What the task requires
Provide the number of lines in the records that hold the string "functions", without any other words.

[Dataset entries]
· · · · · · ·

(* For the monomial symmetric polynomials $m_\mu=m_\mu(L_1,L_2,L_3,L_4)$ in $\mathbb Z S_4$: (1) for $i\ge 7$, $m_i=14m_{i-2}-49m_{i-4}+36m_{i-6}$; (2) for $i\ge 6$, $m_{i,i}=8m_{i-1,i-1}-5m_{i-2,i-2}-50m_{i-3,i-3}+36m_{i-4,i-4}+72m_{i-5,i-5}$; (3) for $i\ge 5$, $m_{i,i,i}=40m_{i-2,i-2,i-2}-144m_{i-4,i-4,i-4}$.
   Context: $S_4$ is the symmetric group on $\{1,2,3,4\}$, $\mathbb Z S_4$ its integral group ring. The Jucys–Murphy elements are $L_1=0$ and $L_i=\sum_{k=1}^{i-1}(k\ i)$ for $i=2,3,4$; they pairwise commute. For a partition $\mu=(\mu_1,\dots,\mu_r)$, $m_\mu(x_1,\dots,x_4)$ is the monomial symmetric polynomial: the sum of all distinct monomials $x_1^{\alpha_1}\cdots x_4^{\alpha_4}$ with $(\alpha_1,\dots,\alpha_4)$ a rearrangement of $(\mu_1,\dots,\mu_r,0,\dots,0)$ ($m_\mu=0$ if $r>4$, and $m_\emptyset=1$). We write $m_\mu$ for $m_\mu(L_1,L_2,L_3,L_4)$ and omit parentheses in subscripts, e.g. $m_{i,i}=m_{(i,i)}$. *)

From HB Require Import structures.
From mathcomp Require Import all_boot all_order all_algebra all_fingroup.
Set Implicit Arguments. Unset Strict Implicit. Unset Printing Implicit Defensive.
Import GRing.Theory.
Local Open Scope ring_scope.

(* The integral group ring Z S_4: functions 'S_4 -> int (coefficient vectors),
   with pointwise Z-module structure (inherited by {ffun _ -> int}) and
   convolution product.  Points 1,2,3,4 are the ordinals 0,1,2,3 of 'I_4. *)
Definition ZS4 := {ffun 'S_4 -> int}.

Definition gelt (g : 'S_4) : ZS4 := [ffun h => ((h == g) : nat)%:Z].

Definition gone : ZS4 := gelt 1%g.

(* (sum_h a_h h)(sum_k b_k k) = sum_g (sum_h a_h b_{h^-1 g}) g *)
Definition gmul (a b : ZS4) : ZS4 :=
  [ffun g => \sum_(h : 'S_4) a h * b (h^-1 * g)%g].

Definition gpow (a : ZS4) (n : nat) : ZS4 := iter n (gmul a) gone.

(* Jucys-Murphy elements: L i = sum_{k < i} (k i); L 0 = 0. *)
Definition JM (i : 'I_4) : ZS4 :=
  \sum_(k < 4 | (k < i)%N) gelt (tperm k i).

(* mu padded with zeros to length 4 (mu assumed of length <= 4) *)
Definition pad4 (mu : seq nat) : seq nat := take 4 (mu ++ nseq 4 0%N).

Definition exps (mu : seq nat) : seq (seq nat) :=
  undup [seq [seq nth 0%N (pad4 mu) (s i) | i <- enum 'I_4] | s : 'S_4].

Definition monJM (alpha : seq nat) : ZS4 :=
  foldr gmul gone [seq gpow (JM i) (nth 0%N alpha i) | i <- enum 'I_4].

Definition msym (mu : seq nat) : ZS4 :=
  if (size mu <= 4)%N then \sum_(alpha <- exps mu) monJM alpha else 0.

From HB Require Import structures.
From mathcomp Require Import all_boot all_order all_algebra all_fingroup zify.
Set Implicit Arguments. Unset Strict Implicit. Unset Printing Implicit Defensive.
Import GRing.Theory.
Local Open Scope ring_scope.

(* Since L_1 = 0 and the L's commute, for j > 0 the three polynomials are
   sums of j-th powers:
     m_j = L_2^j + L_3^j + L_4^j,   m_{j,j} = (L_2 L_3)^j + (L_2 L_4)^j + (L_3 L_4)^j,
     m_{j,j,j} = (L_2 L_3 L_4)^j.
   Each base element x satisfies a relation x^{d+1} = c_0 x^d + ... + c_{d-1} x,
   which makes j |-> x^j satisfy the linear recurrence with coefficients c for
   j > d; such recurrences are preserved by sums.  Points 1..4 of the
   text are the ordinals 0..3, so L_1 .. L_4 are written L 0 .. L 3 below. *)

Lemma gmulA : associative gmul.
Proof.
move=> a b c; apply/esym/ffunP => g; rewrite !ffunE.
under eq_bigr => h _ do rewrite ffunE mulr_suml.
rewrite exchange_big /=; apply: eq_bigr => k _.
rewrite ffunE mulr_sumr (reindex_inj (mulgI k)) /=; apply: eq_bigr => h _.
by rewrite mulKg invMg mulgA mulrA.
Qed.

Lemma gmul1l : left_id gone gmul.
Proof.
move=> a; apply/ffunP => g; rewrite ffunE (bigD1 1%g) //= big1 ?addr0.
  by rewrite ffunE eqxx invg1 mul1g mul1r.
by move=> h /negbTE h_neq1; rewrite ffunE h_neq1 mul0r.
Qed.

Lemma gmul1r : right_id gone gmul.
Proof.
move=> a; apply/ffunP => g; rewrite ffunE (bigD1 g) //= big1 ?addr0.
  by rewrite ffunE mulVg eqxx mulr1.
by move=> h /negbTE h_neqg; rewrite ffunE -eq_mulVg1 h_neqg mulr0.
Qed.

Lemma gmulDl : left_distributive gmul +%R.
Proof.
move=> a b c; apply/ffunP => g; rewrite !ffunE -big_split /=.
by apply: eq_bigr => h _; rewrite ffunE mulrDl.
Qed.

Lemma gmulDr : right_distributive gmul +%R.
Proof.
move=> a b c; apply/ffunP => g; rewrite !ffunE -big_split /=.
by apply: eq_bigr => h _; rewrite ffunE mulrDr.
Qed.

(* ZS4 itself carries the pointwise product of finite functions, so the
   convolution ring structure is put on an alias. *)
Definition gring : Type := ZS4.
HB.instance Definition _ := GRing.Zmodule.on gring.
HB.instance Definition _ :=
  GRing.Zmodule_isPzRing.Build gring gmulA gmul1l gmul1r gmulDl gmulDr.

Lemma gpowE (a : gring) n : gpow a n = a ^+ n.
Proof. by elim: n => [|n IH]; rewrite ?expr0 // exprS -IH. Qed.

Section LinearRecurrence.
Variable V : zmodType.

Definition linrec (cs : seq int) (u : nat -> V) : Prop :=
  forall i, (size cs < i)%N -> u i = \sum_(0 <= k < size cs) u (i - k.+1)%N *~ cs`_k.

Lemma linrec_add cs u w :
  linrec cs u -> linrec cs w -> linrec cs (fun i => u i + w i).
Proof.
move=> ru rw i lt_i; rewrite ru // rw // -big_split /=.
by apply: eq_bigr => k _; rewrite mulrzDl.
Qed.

· · · · · · ·

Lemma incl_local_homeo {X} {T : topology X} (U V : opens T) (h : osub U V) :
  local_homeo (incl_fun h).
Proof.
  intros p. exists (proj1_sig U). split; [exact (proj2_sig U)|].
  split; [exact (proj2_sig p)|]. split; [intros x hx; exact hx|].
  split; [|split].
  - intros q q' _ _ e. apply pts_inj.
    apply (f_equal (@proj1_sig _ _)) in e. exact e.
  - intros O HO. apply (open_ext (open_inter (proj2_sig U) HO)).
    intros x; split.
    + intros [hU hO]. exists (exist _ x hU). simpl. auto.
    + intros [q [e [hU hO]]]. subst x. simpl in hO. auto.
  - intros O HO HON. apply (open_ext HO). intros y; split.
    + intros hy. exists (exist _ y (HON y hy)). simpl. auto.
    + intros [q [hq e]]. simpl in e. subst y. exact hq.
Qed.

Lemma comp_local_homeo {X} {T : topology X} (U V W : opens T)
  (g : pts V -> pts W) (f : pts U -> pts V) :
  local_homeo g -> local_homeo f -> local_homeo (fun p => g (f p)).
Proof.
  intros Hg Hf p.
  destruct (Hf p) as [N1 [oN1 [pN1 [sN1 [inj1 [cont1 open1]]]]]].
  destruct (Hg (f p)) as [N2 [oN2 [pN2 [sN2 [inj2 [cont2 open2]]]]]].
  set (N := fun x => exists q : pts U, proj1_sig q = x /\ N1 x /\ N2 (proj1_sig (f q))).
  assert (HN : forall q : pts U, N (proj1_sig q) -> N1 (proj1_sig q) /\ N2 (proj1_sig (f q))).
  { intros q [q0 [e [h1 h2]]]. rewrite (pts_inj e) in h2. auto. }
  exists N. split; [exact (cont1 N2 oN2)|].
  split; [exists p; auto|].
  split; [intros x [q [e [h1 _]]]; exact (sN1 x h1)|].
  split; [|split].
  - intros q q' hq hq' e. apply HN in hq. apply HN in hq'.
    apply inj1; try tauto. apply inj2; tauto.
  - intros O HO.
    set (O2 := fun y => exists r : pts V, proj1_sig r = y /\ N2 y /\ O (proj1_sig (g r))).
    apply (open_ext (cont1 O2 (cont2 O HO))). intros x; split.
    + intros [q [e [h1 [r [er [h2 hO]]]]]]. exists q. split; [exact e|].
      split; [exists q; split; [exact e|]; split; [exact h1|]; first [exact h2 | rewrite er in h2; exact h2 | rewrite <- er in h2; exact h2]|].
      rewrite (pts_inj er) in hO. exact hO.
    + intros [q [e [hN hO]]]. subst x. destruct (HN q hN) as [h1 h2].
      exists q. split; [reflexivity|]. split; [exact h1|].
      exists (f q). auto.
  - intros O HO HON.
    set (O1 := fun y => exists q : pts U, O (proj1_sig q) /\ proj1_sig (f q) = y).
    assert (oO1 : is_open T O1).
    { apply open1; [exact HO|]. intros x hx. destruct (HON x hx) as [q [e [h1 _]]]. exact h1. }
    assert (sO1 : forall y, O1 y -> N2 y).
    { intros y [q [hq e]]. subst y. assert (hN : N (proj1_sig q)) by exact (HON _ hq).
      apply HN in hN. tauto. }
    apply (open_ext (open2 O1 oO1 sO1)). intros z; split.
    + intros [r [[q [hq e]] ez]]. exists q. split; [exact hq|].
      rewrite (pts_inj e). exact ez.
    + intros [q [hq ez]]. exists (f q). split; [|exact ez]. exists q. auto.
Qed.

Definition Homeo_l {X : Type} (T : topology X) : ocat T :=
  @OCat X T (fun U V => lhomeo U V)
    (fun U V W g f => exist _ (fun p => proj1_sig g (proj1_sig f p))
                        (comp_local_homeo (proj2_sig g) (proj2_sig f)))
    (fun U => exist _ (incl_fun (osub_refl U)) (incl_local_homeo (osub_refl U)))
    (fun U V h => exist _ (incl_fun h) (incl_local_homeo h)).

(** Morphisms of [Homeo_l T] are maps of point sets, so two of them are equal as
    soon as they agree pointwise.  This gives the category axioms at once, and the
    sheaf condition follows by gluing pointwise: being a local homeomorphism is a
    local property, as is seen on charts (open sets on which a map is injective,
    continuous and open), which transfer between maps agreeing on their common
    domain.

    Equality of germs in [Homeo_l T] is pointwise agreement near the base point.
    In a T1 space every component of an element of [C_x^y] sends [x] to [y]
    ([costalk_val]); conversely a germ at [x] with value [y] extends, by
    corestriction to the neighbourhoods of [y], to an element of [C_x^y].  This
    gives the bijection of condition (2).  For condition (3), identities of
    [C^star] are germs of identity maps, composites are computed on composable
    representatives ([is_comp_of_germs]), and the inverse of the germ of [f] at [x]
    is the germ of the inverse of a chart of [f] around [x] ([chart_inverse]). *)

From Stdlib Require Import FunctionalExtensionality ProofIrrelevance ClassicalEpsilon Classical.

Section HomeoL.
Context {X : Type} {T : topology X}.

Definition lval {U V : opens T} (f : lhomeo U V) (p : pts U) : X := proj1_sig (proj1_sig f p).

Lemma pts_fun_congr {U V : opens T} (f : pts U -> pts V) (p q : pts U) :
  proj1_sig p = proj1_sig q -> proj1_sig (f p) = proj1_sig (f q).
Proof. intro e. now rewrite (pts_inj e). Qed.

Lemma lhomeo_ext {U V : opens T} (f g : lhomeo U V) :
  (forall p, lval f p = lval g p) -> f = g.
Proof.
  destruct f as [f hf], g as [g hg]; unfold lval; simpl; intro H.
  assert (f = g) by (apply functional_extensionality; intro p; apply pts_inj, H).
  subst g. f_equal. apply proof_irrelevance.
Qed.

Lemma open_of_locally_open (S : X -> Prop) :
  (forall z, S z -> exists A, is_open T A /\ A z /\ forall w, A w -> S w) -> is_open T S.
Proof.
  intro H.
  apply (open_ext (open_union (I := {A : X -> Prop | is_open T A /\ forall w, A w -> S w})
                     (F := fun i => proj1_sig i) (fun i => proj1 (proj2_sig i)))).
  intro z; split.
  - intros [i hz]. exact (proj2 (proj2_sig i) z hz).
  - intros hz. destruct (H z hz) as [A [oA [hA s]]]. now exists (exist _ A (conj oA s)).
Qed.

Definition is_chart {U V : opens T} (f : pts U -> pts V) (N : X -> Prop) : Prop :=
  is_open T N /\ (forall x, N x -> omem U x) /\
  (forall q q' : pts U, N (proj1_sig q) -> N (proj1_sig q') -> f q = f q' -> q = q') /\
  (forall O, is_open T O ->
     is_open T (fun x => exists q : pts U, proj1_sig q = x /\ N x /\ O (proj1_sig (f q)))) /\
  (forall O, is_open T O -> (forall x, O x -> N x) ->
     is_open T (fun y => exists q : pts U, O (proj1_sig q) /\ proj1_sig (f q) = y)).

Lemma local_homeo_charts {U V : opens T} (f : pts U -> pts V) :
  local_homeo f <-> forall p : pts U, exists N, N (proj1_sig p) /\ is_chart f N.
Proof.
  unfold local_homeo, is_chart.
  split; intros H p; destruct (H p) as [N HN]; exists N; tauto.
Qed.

· · · · · · ·

Answer space
2